**WHAT THE EXERCISE ASKS:** Would you output the whole of the data exactly?

((

(* In the setup below (no gauge condition imposed on $|\Psi_x^{SE}\rangle$), assume $p(\omega|x)>0$ for all $\omega\in\checkmark$. Then $\langle F_{\Omega,x}\rangle$ is real, $I^Q=4(\langle G_{\Omega,x}\rangle-\langle F_{\Omega,x}\rangle^2)$, and the measurement encoding is lossless, i.e. $\sum_{\omega\in\checkmark}p(\omega|x)I(\sigma_{x|\omega})=I^Q$, if and only if $$\langle F_{\omega,x}\rangle=\langle F_{\Omega,x}\rangle\langle E_{\omega,x}\rangle\ \ \text{for all }\omega\in\checkmark,\qquad \langle G_{\times,x}\rangle=\langle F_{\Omega,x}\rangle\langle F_{\times,x}^\dagger\rangle .$$ In particular, losslessness requires $\partial_x\langle E_{\omega,x}\rangle=0$ for all $\omega\in\checkmark$.
   Context: Setup: finite-dimensional $\mathcal H_S,\mathcal H_E$; unit vectors $|\psi_i\rangle\in\mathcal H_S$, $|\phi_i^E\rangle\in\mathcal H_E$; a $C^1$ family of unitaries $U_x^{SE}$ on $\mathcal H_S\otimes\mathcal H_E$; an orthonormal basis $\{|\pi_\omega^E\rangle\}_{\omega\in\Omega}$ of $\mathcal H_E$, $\Omega=\checkmark\sqcup\times$. $|\Psi_x^{SE}\rangle=U_x^{SE}(|\psi_i\rangle\otimes|\phi_i^E\rangle)$, $M_{\omega,x}=\langle\pi_\omega^E|U_x^{SE}|\phi_i^E\rangle$, $|\tilde\psi_{x|\omega}\rangle=M_{\omega,x}|\psi_i\rangle$, $p(\omega|x)=\|\tilde\psi_{x|\omega}\|^2$, $\sigma_{x|\omega}=|\tilde\psi_{x|\omega}\rangle\langle\tilde\psi_{x|\omega}|/p(\omega|x)$. QFI of a normalized pure state: $I(|\phi_x\rangle)=4(\langle\partial_x\phi_x|\partial_x\phi_x\rangle-|\langle\phi_x|\partial_x\phi_x\rangle|^2)$; $I^Q=I(|\Psi_x^{SE}\rangle)$. Define $E_{\omega,x}=M_{\omega,x}^\dagger M_{\omega,x}$, $F_{\omega,x}=i\,\partial_xM_{\omega,x}^\dagger M_{\omega,x}$, $G_{\omega,x}=\partial_xM_{\omega,x}^\dagger\partial_xM_{\omega,x}$, and for $S\subseteq\Omega$, $X_{S,x}=\sum_{\omega\in S}X_{\omega,x}$. $\langle A\rangle=\langle\psi_i|A|\psi_i\rangle$. *)

From HB Require Import structures.
From mathcomp Require Import all_boot all_order all_algebra.
From mathcomp Require Import complex.
From mathcomp Require Import all_classical all_reals all_analysis.
Set Implicit Arguments. Unset Strict Implicit. Unset Printing Implicit Defensive.
Import Order.TTheory GRing.Theory Num.Theory.
Import numFieldNormedType.Exports.
Local Open Scope ring_scope.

))

**RESPONSE FOR THIS EXERCISE:**
(* In the setup below (no gauge condition imposed on $|\Psi_x^{SE}\rangle$), assume $p(\omega|x)>0$ for all $\omega\in\checkmark$. Then $\langle F_{\Omega,x}\rangle$ is real, $I^Q=4(\langle G_{\Omega,x}\rangle-\langle F_{\Omega,x}\rangle^2)$, and the measurement encoding is lossless, i.e. $\sum_{\omega\in\checkmark}p(\omega|x)I(\sigma_{x|\omega})=I^Q$, if and only if $$\langle F_{\omega,x}\rangle=\langle F_{\Omega,x}\rangle\langle E_{\omega,x}\rangle\ \ \text{for all }\omega\in\checkmark,\qquad \langle G_{\times,x}\rangle=\langle F_{\Omega,x}\rangle\langle F_{\times,x}^\dagger\rangle .$$ In particular, losslessness requires $\partial_x\langle E_{\omega,x}\rangle=0$ for all $\omega\in\checkmark$.
   Context: Setup: finite-dimensional $\mathcal H_S,\mathcal H_E$; unit vectors $|\psi_i\rangle\in\mathcal H_S$, $|\phi_i^E\rangle\in\mathcal H_E$; a $C^1$ family of unitaries $U_x^{SE}$ on $\mathcal H_S\otimes\mathcal H_E$; an orthonormal basis $\{|\pi_\omega^E\rangle\}_{\omega\in\Omega}$ of $\mathcal H_E$, $\Omega=\checkmark\sqcup\times$. $|\Psi_x^{SE}\rangle=U_x^{SE}(|\psi_i\rangle\otimes|\phi_i^E\rangle)$, $M_{\omega,x}=\langle\pi_\omega^E|U_x^{SE}|\phi_i^E\rangle$, $|\tilde\psi_{x|\omega}\rangle=M_{\omega,x}|\psi_i\rangle$, $p(\omega|x)=\|\tilde\psi_{x|\omega}\|^2$, $\sigma_{x|\omega}=|\tilde\psi_{x|\omega}\rangle\langle\tilde\psi_{x|\omega}|/p(\omega|x)$. QFI of a normalized pure state: $I(|\phi_x\rangle)=4(\langle\partial_x\phi_x|\partial_x\phi_x\rangle-|\langle\phi_x|\partial_x\phi_x\rangle|^2)$; $I^Q=I(|\Psi_x^{SE}\rangle)$. Define $E_{\omega,x}=M_{\omega,x}^\dagger M_{\omega,x}$, $F_{\omega,x}=i\,\partial_xM_{\omega,x}^\dagger M_{\omega,x}$, $G_{\omega,x}=\partial_xM_{\omega,x}^\dagger\partial_xM_{\omega,x}$, and for $S\subseteq\Omega$, $X_{S,x}=\sum_{\omega\in S}X_{\omega,x}$. $\langle A\rangle=\langle\psi_i|A|\psi_i\rangle$. *)

From HB Require Import structures.
From mathcomp Require Import all_boot all_order all_algebra.
From mathcomp Require Import complex.
From mathcomp Require Import all_classical all_reals all_analysis.
Set Implicit Arguments. Unset Strict Implicit. Unset Printing Implicit Defensive.
Import Order.TTheory GRing.Theory Num.Theory.
Import numFieldNormedType.Exports.
Local Open Scope ring_scope.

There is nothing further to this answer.